Despite Tuck's sporadic popularity, interest in the Robin Hood tradition skyrocketed in the first half of the nineteenth century. The impact of this revival of interest—which scholars like Barczewski and Knight have attributed to widespread social unrest stemming from the rapid industrialization of the United Kingdom—was felt in the United States as well. The American poet William Cullen Bryant wrote an editorial, "Friar Tuck Legislation," dated April 26, 1844. The editorial is in part a response to a comment made by the British parliamentarian Thomas Gisborne, who was a member of the Whig party, during a meeting of the Anti-Corn Law League. Bryant used Gisborne's allusion to Friar Tuck to simultaneously affirm the selfish dishonestly of Tuck—Bryant defines Friar Tuck Legislation as regulation designed and enacted for the benefit of the law maker—and to praise the "frankness in his philosophy which throws the sneaking duplicity of the legislators of the cotton mills quite into the shade" (Bryant II 223).

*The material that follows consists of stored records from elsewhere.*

(* Both directions of the correspondence are the exchange of arguments
   [L phi b = mu_b phi]; the content lies in matching the support condition on
   [mu_b] with the module condition [L (psi \o pi) = psi * L 1].
   A positive functional supported on the fibre over [b] kills every continuous
   function vanishing on that fibre, in particular [psi \o pi - psi b].
   Conversely, if [phi] vanishes near the fibre over [b], then [pi] maps the
   support of [phi] onto a compact set missing [b], because [P^1_B] is compact:
   it is covered by the closed unit discs [|T| <= 1] and [|1/T| <= 1] of the two
   charts, each a closed subset of a product of segments (Tychonoff). An Urysohn
   function [U] on [M(B)] with [U b = 0] and [U = 1] on that set gives
   [|phi| <= sup |phi| * (U \o pi)], hence [|L phi b| <= sup |phi| * U b * L 1 b = 0]. *)

From Pilot Require Import Defs.
From HB Require Import structures.
From mathcomp Require Import all_boot all_order all_algebra.
From mathcomp Require Import all_classical all_reals all_analysis.
From mathcomp Require Import zify ring lra.
Import Order.TTheory GRing.Theory Num.Theory.
Import numFieldNormedType.Exports.
Local Open Scope classical_set_scope.
Local Open Scope ring_scope.
Set Implicit Arguments. Unset Strict Implicit. Unset Printing Implicit Defensive.

Section MultSeminorm.
Context {R : realType} {A : nzRingType} (x : A -> R) (hx : mult_seminorm x).

Lemma mult_seminorm_ge0 a : 0 <= x a.
Proof.
have [x0 _ xB _] := hx; have := xB a a; rewrite subrr x0 => h.
by rewrite -(@pmulr_rge0 _ 2) // mulr2n mulrDl !mul1r.
Qed.

Lemma mult_seminormN1 : x (-1) = 1.
Proof.
have [_ x1 _ xM] := hx; have /esym/eqP := xM (-1) (-1).
rewrite mulrNN mulr1 x1 -expr2 sqrf_eq1 => /orP[/eqP //|/eqP xN1].
by have := mult_seminorm_ge0 (-1); rewrite xN1; lra.
Qed.

Lemma mult_seminormN a : x (- a) = x a.
Proof. by have [_ _ _ xM] := hx; rewrite -mulN1r xM mult_seminormN1 mul1r. Qed.

Lemma mult_seminormD a b : x (a + b) <= x a + x b.
Proof. by have [_ _ xB _] := hx; have := xB a (- b); rewrite opprK mult_seminormN. Qed.

Lemma mult_seminormX a n : x (a ^+ n) = x a ^+ n.
Proof.
have [_ x1 _ xM] := hx; elim: n => [|n IHn]; first by rewrite !expr0.
by rewrite !exprS xM IHn.
Qed.

Lemma mult_seminorm_sum (I : Type) (r : seq I) (F : I -> A) :
  x (\sum_(i <- r) F i) <= \sum_(i <- r) x (F i).
Proof.
elim: r => [|i r IHr]; first by rewrite !big_nil; case: hx => ->.
by rewrite !big_cons; apply: le_trans (mult_seminormD _ _) (lerD _ IHr).
Qed.
End MultSeminorm.

Section Reversal.
Context {B : comNzRingType}.
Implicit Types P Q : {poly B}.

Lemma coef_revn n P i : (revn n P)`_i = if (i < n.+1)%N then P`_(n - i) else 0.
Proof. exact: coef_poly. Qed.

Lemma revnD n P Q : revn n (P + Q) = revn n P + revn n Q.
Proof. by apply/polyP => i; rewrite coefD !coef_revn; case: ifP; rewrite ?coefD ?addr0. Qed.

Lemma revnB n P Q : revn n (P - Q) = revn n P - revn n Q.
Proof. by apply/polyP => i; rewrite coefB !coef_revn; case: ifP; rewrite ?coefB ?subr0. Qed.

Lemma revn0 n : revn n (0 : {poly B}) = 0.
Proof. by apply/polyP => i; rewrite coef_revn coef0; case: ifP; rewrite ?coef0. Qed.

Lemma revn_sum n (I : Type) (r : seq I) (F : I -> {poly B}) :
  revn n (\sum_(i <- r) F i) = \sum_(i <- r) revn n (F i).
Proof. exact: (big_morph _ (revnD n) (revn0 n)). Qed.

Lemma revnZXn n (c : B) k : (k <= n)%N -> revn n (c *: 'X^k) = c *: 'X^(n - k).
Proof.
move=> le_kn; apply/polyP => i; rewrite coef_revn !coefZ !coefXn.
case: ifP => lt_in; first by congr (_ * _%:R); apply/eqP/eqP; lia.
by rewrite (_ : (i == n - k)%N = false) ?mulr0 //; apply/eqP; lia.
Qed.

Lemma poly_expand n P : (size P <= n.+1)%N -> P = \sum_(i < n.+1) P`_i *: 'X^i.
Proof. by move=> szP; rewrite -poly_def -[LHS](take_poly_id szP). Qed.

Lemma revn_expand n P : (size P <= n.+1)%N ->
  revn n P = \sum_(i < n.+1) P`_i *: 'X^(n - i).
Proof.
move=> szP; rewrite {1}(poly_expand szP) revn_sum; apply: eq_bigr => i _.
by rewrite revnZXn // -ltnS.
Qed.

References to Friar Tuck during Queen Victoria's reign were rarely serious, despite the invocation of the tradition in highly-charged political matters. In 1858, E. L. Blanchard's play Robin Hood; Or, Harlequin Friar Tuck, and the Merrie Men of Sherwood Forest: An Entirely New grand magical, comical, pastoral, and peculiarly pantomimical pantomime, founded on the popular old English ballad of 'Robin Hood', was written. In 1881, George Thorne and F. Grove Palmer wrote Robin Hood and Little John, Or Harlequin Friar Tuck, and the 'Merrie Men' of Sherwood Forest. Between these plays, which prominently feature Tuck in a comedic role, and the musicals of Reginald DeKoven (Robin Hood in 1890 and Maid Marian in 1901), the focus on Tuck's martial abilities began to fade in performance in favor of his comedic potential. Literary representation of Tuck during the same period merely repeated old themes: Howard Pyle's influential 1883 reworking of the Robin Hood tradition expanded and deepened the meeting between the Curtal Friar—finally named as Tuck at the end of the story—and Robin Hood, but added no new material. Likewise, Sebastian Evans's "Of Robin Hood's Death and Burial" in 1865 refers to Tuck, but he does not appear within the actions of the poem.
MODERN
Friar Tuck appears irregularly in the literary Robin Hood record of the early twentieth century, in texts which have only the Robin Hood tradition in common: Robert Alexander Wason produced the semi-biographical cowboy adventure Friar Tuck: Being The Chronicles Of The Reverend John Carmichael, of Wyoming, U.S.A. in 1912 and Alfred Noyes wrote the exultory "The Matin-Song of Friar Tuck" in 1918.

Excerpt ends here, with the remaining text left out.